== Task description ==
When you reach the line containing "(* Let $n,t,k$" in the entries below, start writing out each line exactly, and stop after the line containing "Words avoiding u".

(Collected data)
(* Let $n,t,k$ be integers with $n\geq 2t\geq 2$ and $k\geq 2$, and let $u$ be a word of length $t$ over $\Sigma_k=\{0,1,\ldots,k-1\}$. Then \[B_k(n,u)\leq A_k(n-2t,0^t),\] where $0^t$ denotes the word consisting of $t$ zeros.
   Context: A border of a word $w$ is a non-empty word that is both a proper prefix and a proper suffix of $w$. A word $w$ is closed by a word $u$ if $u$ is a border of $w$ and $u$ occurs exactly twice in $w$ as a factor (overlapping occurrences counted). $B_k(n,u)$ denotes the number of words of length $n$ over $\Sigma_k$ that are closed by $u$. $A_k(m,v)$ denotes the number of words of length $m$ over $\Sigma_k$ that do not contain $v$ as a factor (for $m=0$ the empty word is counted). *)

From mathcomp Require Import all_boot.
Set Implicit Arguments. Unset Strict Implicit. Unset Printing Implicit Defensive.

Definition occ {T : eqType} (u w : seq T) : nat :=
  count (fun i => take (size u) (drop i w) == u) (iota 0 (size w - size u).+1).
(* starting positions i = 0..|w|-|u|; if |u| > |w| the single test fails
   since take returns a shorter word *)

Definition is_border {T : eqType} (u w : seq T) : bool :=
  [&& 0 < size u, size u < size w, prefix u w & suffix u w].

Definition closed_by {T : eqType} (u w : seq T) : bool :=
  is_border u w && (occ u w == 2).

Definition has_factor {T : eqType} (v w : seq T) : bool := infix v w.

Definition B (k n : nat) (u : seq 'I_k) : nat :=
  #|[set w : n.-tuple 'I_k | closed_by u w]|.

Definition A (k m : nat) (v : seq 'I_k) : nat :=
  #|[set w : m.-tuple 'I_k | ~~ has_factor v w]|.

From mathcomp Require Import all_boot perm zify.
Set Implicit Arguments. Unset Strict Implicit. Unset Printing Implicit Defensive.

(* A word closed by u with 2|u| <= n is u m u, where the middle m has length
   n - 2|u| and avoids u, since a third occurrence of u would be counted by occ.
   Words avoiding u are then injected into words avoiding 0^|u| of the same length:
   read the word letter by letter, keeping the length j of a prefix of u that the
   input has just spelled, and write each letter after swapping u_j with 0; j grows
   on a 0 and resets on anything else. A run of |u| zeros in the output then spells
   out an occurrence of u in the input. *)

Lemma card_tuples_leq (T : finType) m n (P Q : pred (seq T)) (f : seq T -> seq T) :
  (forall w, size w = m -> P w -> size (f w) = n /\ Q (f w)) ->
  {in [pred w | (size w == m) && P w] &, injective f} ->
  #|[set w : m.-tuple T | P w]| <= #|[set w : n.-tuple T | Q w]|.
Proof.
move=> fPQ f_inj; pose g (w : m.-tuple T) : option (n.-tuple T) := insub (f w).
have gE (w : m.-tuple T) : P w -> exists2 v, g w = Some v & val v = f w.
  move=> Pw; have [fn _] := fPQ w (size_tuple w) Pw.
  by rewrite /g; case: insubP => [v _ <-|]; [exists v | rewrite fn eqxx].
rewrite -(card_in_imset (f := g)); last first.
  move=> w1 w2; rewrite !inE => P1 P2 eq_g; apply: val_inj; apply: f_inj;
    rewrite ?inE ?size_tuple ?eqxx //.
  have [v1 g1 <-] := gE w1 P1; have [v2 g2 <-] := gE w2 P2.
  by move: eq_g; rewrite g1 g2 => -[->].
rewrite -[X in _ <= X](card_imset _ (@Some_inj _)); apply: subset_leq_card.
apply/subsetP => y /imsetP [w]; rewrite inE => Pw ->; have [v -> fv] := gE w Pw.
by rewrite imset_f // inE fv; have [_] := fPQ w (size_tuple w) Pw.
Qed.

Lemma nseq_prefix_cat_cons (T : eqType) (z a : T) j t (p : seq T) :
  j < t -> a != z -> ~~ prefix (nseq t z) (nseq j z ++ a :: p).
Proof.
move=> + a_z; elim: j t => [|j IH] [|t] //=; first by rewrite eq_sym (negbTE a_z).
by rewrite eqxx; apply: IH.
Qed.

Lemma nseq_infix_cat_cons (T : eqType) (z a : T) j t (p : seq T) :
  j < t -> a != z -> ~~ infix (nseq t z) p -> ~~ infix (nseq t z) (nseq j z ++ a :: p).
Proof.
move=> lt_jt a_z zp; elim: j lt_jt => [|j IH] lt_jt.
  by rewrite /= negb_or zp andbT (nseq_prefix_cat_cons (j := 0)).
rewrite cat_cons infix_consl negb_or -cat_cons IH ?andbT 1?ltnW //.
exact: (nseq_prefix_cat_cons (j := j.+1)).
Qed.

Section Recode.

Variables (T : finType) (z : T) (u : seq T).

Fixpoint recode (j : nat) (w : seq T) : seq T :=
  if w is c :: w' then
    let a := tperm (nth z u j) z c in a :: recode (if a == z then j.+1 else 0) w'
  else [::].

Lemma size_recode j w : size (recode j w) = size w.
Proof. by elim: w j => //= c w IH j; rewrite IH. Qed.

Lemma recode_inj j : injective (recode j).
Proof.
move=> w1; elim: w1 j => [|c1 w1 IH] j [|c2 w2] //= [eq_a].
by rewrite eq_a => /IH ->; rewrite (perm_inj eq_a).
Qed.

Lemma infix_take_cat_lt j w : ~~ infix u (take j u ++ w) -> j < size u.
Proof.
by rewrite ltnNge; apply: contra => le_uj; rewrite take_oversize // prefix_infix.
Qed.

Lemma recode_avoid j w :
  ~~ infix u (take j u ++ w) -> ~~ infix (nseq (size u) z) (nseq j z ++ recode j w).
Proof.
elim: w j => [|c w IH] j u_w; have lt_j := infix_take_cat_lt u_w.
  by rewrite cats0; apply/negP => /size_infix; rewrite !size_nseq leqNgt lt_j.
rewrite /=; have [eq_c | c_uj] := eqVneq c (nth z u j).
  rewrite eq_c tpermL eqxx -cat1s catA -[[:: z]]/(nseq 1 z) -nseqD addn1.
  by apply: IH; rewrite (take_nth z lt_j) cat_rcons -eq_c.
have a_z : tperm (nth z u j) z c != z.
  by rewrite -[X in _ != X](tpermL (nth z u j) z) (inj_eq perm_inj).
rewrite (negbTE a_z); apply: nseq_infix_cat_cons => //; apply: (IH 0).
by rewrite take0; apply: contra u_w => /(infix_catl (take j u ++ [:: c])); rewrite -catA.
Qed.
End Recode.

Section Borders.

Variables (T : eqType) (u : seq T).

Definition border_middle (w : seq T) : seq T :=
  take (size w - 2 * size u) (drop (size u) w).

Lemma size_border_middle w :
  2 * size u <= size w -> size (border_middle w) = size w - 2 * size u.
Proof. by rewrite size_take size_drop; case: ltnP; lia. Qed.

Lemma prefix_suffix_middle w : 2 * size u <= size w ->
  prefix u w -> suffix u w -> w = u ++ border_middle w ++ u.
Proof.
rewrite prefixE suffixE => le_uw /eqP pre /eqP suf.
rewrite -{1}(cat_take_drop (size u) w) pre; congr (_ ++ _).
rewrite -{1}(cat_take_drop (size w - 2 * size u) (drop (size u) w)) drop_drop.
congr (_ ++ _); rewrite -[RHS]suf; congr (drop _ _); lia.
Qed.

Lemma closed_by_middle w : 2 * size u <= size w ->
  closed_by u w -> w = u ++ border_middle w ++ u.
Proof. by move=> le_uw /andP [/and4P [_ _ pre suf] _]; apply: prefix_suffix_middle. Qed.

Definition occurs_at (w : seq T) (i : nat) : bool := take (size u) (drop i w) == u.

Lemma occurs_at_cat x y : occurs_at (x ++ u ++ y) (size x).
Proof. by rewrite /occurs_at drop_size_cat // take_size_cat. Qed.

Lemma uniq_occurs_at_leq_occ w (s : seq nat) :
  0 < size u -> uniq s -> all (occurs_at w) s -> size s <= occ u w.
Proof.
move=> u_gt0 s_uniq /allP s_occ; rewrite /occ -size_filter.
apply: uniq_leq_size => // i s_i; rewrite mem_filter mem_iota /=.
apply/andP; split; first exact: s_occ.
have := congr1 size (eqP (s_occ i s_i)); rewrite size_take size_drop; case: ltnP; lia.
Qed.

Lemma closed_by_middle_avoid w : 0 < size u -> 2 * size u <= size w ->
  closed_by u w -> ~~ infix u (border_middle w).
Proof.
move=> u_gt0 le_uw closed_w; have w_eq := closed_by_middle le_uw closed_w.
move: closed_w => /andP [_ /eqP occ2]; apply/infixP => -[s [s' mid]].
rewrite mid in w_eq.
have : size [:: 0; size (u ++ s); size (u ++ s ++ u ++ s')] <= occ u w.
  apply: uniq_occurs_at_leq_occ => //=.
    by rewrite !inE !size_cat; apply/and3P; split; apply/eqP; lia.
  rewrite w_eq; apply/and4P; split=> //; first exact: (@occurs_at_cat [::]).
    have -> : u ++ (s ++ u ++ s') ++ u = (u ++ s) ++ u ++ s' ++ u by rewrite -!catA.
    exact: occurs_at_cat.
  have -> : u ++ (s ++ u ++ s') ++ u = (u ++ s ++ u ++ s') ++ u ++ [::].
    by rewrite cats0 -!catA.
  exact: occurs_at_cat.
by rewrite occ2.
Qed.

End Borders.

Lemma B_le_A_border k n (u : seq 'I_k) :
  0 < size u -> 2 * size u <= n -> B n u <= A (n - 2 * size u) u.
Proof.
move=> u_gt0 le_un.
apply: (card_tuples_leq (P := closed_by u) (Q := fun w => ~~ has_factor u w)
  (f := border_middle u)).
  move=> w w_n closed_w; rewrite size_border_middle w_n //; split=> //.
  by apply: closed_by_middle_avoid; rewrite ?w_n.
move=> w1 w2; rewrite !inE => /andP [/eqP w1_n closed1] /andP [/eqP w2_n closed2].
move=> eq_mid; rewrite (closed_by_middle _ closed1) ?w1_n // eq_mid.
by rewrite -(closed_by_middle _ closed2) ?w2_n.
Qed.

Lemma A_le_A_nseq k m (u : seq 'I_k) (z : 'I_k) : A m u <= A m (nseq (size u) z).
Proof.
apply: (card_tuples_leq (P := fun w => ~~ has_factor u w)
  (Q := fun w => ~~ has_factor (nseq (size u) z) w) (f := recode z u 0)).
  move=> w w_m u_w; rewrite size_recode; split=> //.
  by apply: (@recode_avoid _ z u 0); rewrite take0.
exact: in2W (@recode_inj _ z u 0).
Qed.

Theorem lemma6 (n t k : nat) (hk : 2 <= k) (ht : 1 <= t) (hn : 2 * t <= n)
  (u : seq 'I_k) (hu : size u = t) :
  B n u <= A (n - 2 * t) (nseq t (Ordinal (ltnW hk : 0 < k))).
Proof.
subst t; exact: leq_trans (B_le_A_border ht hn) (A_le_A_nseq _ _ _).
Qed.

...

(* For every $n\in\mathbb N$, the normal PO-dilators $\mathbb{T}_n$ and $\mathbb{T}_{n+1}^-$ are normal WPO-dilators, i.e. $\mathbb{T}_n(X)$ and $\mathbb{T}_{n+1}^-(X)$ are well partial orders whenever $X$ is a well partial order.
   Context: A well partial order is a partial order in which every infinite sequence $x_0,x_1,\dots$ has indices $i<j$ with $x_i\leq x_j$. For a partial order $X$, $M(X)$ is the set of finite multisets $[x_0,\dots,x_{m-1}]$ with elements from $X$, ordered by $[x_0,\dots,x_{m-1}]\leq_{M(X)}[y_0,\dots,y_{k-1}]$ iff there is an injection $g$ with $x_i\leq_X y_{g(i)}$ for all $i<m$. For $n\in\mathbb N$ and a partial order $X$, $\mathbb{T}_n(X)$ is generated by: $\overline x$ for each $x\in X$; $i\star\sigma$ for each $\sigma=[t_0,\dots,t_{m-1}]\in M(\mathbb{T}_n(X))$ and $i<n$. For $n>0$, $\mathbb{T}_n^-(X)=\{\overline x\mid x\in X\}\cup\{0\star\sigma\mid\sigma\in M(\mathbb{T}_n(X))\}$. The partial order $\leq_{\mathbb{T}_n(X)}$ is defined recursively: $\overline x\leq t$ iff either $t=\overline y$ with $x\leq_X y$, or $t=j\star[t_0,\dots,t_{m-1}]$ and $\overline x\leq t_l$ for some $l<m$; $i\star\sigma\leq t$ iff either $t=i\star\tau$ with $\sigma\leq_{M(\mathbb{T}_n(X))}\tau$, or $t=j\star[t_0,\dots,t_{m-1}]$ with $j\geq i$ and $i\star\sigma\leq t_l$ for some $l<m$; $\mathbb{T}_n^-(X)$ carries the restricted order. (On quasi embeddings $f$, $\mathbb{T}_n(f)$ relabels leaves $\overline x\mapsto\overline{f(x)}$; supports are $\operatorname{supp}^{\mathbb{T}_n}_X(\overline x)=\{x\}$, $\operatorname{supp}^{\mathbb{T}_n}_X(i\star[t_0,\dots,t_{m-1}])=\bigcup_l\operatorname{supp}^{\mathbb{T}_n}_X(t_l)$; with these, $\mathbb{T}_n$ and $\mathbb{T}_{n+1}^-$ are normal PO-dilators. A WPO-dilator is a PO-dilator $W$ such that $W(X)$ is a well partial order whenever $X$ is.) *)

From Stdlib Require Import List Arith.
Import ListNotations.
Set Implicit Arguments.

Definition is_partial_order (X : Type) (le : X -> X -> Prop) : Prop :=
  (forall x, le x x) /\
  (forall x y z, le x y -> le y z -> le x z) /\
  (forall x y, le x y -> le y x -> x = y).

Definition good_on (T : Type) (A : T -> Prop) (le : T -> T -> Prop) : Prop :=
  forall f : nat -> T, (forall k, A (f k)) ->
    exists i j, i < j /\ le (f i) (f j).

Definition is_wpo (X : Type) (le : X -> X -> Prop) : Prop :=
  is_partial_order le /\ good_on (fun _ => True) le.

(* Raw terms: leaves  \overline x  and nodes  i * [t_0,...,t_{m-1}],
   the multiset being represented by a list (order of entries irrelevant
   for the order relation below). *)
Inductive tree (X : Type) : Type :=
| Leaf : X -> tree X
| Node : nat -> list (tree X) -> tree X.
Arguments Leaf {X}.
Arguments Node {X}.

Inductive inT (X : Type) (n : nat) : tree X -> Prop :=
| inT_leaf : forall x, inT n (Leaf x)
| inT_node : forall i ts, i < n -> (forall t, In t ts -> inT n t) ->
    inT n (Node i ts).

== The completed task ==
(* Let $n,t,k$ be integers with $n\geq 2t\geq 2$ and $k\geq 2$, and let $u$ be a word of length $t$ over $\Sigma_k=\{0,1,\ldots,k-1\}$. Then \[B_k(n,u)\leq A_k(n-2t,0^t),\] where $0^t$ denotes the word consisting of $t$ zeros.
   Context: A border of a word $w$ is a non-empty word that is both a proper prefix and a proper suffix of $w$. A word $w$ is closed by a word $u$ if $u$ is a border of $w$ and $u$ occurs exactly twice in $w$ as a factor (overlapping occurrences counted). $B_k(n,u)$ denotes the number of words of length $n$ over $\Sigma_k$ that are closed by $u$. $A_k(m,v)$ denotes the number of words of length $m$ over $\Sigma_k$ that do not contain $v$ as a factor (for $m=0$ the empty word is counted). *)

From mathcomp Require Import all_boot.
Set Implicit Arguments. Unset Strict Implicit. Unset Printing Implicit Defensive.

Definition occ {T : eqType} (u w : seq T) : nat :=
  count (fun i => take (size u) (drop i w) == u) (iota 0 (size w - size u).+1).
(* starting positions i = 0..|w|-|u|; if |u| > |w| the single test fails
   since take returns a shorter word *)

Definition is_border {T : eqType} (u w : seq T) : bool :=
  [&& 0 < size u, size u < size w, prefix u w & suffix u w].

Definition closed_by {T : eqType} (u w : seq T) : bool :=
  is_border u w && (occ u w == 2).

Definition has_factor {T : eqType} (v w : seq T) : bool := infix v w.

Definition B (k n : nat) (u : seq 'I_k) : nat :=
  #|[set w : n.-tuple 'I_k | closed_by u w]|.

Definition A (k m : nat) (v : seq 'I_k) : nat :=
  #|[set w : m.-tuple 'I_k | ~~ has_factor v w]|.

From mathcomp Require Import all_boot perm zify.
Set Implicit Arguments. Unset Strict Implicit. Unset Printing Implicit Defensive.

(* A word closed by u with 2|u| <= n is u m u, where the middle m has length
   n - 2|u| and avoids u, since a third occurrence of u would be counted by occ.
   Words avoiding u are then injected into words avoiding 0^|u| of the same length:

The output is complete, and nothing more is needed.